What is expected: Every record below, from first to last: print it exactly as shown.

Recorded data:
Lemma CkV {k f} : (forall x, U x -> f x != 0) -> Ck U k f -> Ck U k (fun x => (f x)^-1).
Proof.
move=> f0; elim: k f f0 => [|k IHk] f f0 /=.
  by move=> cf x Ux; apply: cvgV; [exact: f0 | exact: cf].
move=> Cf; have [df dfv] := Cf; have Cf' := IHk _ f0 (CkS Cf).
split=> [x Ux|v]; first exact: differentiableV (df x Ux) (f0 x Ux).
apply: Ck_ext (CkM (CkN (CkM Cf' Cf')) (dfv v)) => x Ux.
by rewrite [RHS]deriveV ?f0 //; [rewrite -exprVn expr2 | exact/diff_derivable/df].
Qed.

Lemma Ck_sqrt {k f} : (forall x, U x -> 0 < f x) -> Ck U k f ->
  Ck U k (fun x => Num.sqrt (f x)).
Proof.
move=> f0; elim: k f f0 => [|k IHk] f f0 /=.
  by move=> cf x Ux; exact: continuous_comp (cf x Ux) (@sqrt_continuous R _).
move=> Cf; have [df dfv] := Cf.
have dsqrt x (Ux : U x) := sqrt_differentiable (f0 x Ux).
split=> [x Ux|v]; first exact: differentiable_comp (df x Ux) (dsqrt x Ux).
have s0 x : U x -> 2 * Num.sqrt (f x) != 0.
  by move=> Ux; rewrite mulf_neq0 // gt_eqF // sqrtr_gt0 f0.
apply: Ck_ext (CkM (dfv v) (CkV s0 (CkM (Ck_cst k 2) (IHk _ f0 (CkS Cf))))) => x Ux.
rewrite (deriveE v (differentiable_comp (df x Ux) (dsqrt x Ux))).
rewrite (diff_comp (df x Ux) (dsqrt x Ux)) /=.
have dfE := deriveE v (df x Ux).
by rewrite dfE; exact/esym/diff_sqrtE/f0.
Qed.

Solution to the problem:
Lemma CkV {k f} : (forall x, U x -> f x != 0) -> Ck U k f -> Ck U k (fun x => (f x)^-1).
Proof.
move=> f0; elim: k f f0 => [|k IHk] f f0 /=.
  by move=> cf x Ux; apply: cvgV; [exact: f0 | exact: cf].
move=> Cf; have [df dfv] := Cf; have Cf' := IHk _ f0 (CkS Cf).
split=> [x Ux|v]; first exact: differentiableV (df x Ux) (f0 x Ux).
apply: Ck_ext (CkM (CkN (CkM Cf' Cf')) (dfv v)) => x Ux.
by rewrite [RHS]deriveV ?f0 //; [rewrite -exprVn expr2 | exact/diff_derivable/df].
Qed.

Lemma Ck_sqrt {k f} : (forall x, U x -> 0 < f x) -> Ck U k f ->
  Ck U k (fun x => Num.sqrt (f x)).
Proof.
move=> f0; elim: k f f0 => [|k IHk] f f0 /=.
  by move=> cf x Ux; exact: continuous_comp (cf x Ux) (@sqrt_continuous R _).
move=> Cf; have [df dfv] := Cf.
have dsqrt x (Ux : U x) := sqrt_differentiable (f0 x Ux).
split=> [x Ux|v]; first exact: differentiable_comp (df x Ux) (dsqrt x Ux).
have s0 x : U x -> 2 * Num.sqrt (f x) != 0.
  by move=> Ux; rewrite mulf_neq0 // gt_eqF // sqrtr_gt0 f0.
apply: Ck_ext (CkM (dfv v) (CkV s0 (CkM (Ck_cst k 2) (IHk _ f0 (CkS Cf))))) => x Ux.
rewrite (deriveE v (differentiable_comp (df x Ux) (dsqrt x Ux))).
rewrite (diff_comp (df x Ux) (dsqrt x Ux)) /=.
have dfE := deriveE v (df x Ux).
by rewrite dfE; exact/esym/diff_sqrtE/f0.
Qed.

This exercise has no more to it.